Trips to the pro shop is as regular an occurrence as hitting up the grocery store or rechecking the schedule to make sure you didn’t miss an addition, time change or cancellation. As a still-new-to-this-sport hockey mom, every time I wander into one of my normal skate shops, I come away with at least a few gems of knowledge. In this ongoing series, I’ll share some of the best and worst tidbits I pick up along the way.
Hockey Knowledge Tidbit 1: Skate Sharpening
This is the single most frequent reason for my trips. It seems like once every week or two I am standing around with a pair or two of skates dangling from their laces waiting my turn. Yes, as the quality of the skate improves and by default the quality of the steel, sharpening will become less and less frequent. My kids coach swears he only gets his skates done once maybe twice a year. I’m pretty sure he could also put a chef’s knives to shame with the edges he’s working on. These magical pieces of steel were likely forged in the fires of Mordor and are far beyond the skates I’m dealing with at this point.
What seems a simple process can apparently be screwed up beyond all reason without that much trouble. I had my daughter’s skates sharpened at a skate shop I used out of pure convenience since I was already spending countless hours at that rink. Her next practice was a disaster and her coach questioned the skates. Yes, they just got sharpened but something was clearly amiss.

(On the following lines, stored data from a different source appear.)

(* For any torsionfree compact Hausdorff linear-topological $o$-module $M$, the locally convex $K$-vector space $M_K$ is complete.
   Context: $K$ is a finite extension of $\mathbb{Q}_p$ with ring of integers $o$. A topological $o$-module is linear-topological if $0$ has a fundamental system of open neighbourhoods consisting of $o$-submodules. For a torsionfree $o$-module $M$, $M_K := M\otimes_o K$ contains $M$, and $M_K$ is equipped with the finest locally convex topology such that the inclusion $M\subseteq M_K$ is continuous (equivalently, an $o$-submodule $L\subseteq M_K$ is open iff $\alpha L\cap M$ is open in $M$ for every $0\neq\alpha\in o$). *)

From HB Require Import structures.
From mathcomp Require Import all_boot all_order all_algebra.
From mathcomp Require Import classical_sets reals.

Set Implicit Arguments.
Unset Strict Implicit.
Unset Printing Implicit Defensive.

Import Order.TTheory GRing.Theory Num.Theory.
Local Open Scope ring_scope.
Local Open Scope classical_set_scope.

Definition nonarch_abs (R : realType) (K : fieldType) (abs : K -> R) : Prop :=
  [/\ forall x, 0 <= abs x,
      forall x, abs x = 0 <-> x = 0,
      forall x y, abs (x * y) = abs x * abs y &
      forall x y, abs (x + y) <= Num.max (abs x) (abs y)].

Definition abs_cauchy_seq (R : realType) (K : fieldType) (abs : K -> R)
  (u : nat -> K) : Prop :=
  forall e : R, 0 < e -> exists N : nat,
    forall n m, (N <= n)%N -> (N <= m)%N -> abs (u n - u m) < e.

Definition abs_cvg (R : realType) (K : fieldType) (abs : K -> R)
  (u : nat -> K) (l : K) : Prop :=
  forall e : R, 0 < e -> exists N : nat,
    forall n, (N <= n)%N -> abs (u n - l) < e.

Definition abs_complete (R : realType) (K : fieldType) (abs : K -> R) : Prop :=
  forall u : nat -> K, abs_cauchy_seq abs u -> exists l, abs_cvg abs u l.

(* the ring of integers o = closed unit ball is (sequentially) compact,
   i.e. K is locally compact *)
Definition integers_compact (R : realType) (K : fieldType) (abs : K -> R) : Prop :=
  forall u : nat -> K, (forall n, abs (u n) <= 1) ->
    exists (phi : nat -> nat) (l : K),
      (forall n, (phi n < phi n.+1)%N) /\ abs_cvg abs (u \o phi) l.

Definition padic_field (R : realType) (K : fieldType) (abs : K -> R) (p : nat)
  : Prop :=
  [/\ nonarch_abs abs,
      forall n : nat, (n.+1)%:R != 0 :> K,
      abs p%:R < 1,
      abs_complete abs &
      integers_compact abs].

Definition o_submodule (R : realType) (K : fieldType) (abs : K -> R)
  (V : lmodType K) (L : set V) : Prop :=
  [/\ L 0,
      forall x y, L x -> L y -> L (x + y) &
      forall (a : K) x, abs a <= 1 -> L x -> L (a *: x)].

(* V = M (x)_o K: every vector is in alpha^-1 M for some 0 <> alpha in o *)
Definition generates_over_K (R : realType) (K : fieldType) (abs : K -> R)
  (V : lmodType K) (M : set V) : Prop :=
  forall v : V, exists a : K, [/\ a != 0, abs a <= 1 & M (a *: v)].

Definition topology_on (T : Type) (M : set T) (tau : set (set T)) : Prop :=
  [/\ forall U, tau U -> U `<=` M,
      tau M,
      forall F : set (set T), F `<=` tau -> tau (\bigcup_(U in F) U) &
      forall U W, tau U -> tau W -> tau (U `&` W)].

Definition hausdorff_on (T : Type) (M : set T) (tau : set (set T)) : Prop :=
  forall x y, M x -> M y -> x <> y ->
    exists U W, [/\ tau U, tau W, U x, W y & U `&` W = set0].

I take them home and go to the skate shop at a fancy private club close to my house (no, I am not a member – I prefer not selling my kidneys) and the guy takes one look at the blade and his face contorted as if I handed him a dead animal. “What happened to these?” The horror wasn’t waning. “I had them sharpened at X shop, but my daughter had a problem with them.” He rolled his eyes so far back into his head I thought he was about to pull an eyeball exorcist move. “Well that explains it.” I got the diatribe that they didn’t know what they were doing, while nice people, sharpening was not their strong point.
That also explained the coach’s rant to my husband the next day about how badly they messed up the sharpening on his blades and how we shouldn’t go back. That would have been good to know BEFORE this happened. After all, if someone screws up your crazy expensive pieces of steel that are part of your livelihood, you think a standard warning would be a matter of course.
Now we had never had an issue prior to that, but just like a restaurant, one case of food poisoning and you aren’t likely to go back.
“Here, let me show you.” The guy goes into the back and comes back out with something that essentially looked like some renaissance era celestial navigation device and attached it to the bad. “This is suppose to be level…it is not.” In truth it was probably a good 5 to 7 degree slope.
Knowledge point 1 – blade edges are suppose to be level. It never occurred to me that something like that could be an issue. I thought, well if you cut in on one edge more than the other, they won’t be level, but alas I was wrong.
Then I recalled another note the coach gave, “Can you make that a 3/4 cut.” I wasn’t even sure if “cut” was the right word, but he seemed to get my point. Huzzah. “Well this is a solid 1/2 inch, it’s okay, we can fix this mess.” Great, thank you!
I now know that which skate shop you go to, especially for sharpening matters, A LOT.